* **Task description**
In the material below, find the line that contains "exists N : nat, forall" and the line that contains "by apply: archi_boundP;", then write out exactly those two lines and everything between them.

——————————

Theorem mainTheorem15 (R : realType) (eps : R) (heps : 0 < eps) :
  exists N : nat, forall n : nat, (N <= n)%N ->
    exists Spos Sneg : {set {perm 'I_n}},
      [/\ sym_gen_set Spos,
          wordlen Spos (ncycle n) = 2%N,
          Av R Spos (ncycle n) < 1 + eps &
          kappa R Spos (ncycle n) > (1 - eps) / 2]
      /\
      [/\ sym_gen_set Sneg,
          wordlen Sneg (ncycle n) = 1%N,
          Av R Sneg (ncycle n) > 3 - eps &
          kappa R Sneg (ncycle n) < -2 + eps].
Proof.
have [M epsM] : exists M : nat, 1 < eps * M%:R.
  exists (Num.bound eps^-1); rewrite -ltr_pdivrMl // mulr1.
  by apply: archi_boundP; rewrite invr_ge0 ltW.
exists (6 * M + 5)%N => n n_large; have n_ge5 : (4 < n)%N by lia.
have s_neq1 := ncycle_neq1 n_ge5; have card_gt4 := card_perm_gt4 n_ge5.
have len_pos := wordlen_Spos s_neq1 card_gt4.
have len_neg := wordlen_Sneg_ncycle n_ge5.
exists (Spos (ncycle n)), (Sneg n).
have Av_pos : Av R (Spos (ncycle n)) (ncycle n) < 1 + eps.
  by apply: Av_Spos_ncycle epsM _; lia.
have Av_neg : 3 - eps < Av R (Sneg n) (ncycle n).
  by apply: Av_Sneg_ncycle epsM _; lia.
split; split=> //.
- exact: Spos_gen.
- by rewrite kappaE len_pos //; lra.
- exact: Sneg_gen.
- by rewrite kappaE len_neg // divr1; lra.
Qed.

——————————

* **Your response**
  exists N : nat, forall n : nat, (N <= n)%N ->
    exists Spos Sneg : {set {perm 'I_n}},
      [/\ sym_gen_set Spos,
          wordlen Spos (ncycle n) = 2%N,
          Av R Spos (ncycle n) < 1 + eps &
          kappa R Spos (ncycle n) > (1 - eps) / 2]
      /\
      [/\ sym_gen_set Sneg,
          wordlen Sneg (ncycle n) = 1%N,
          Av R Sneg (ncycle n) > 3 - eps &
          kappa R Sneg (ncycle n) < -2 + eps].
Proof.
have [M epsM] : exists M : nat, 1 < eps * M%:R.
  exists (Num.bound eps^-1); rewrite -ltr_pdivrMl // mulr1.
  by apply: archi_boundP; rewrite invr_ge0 ltW.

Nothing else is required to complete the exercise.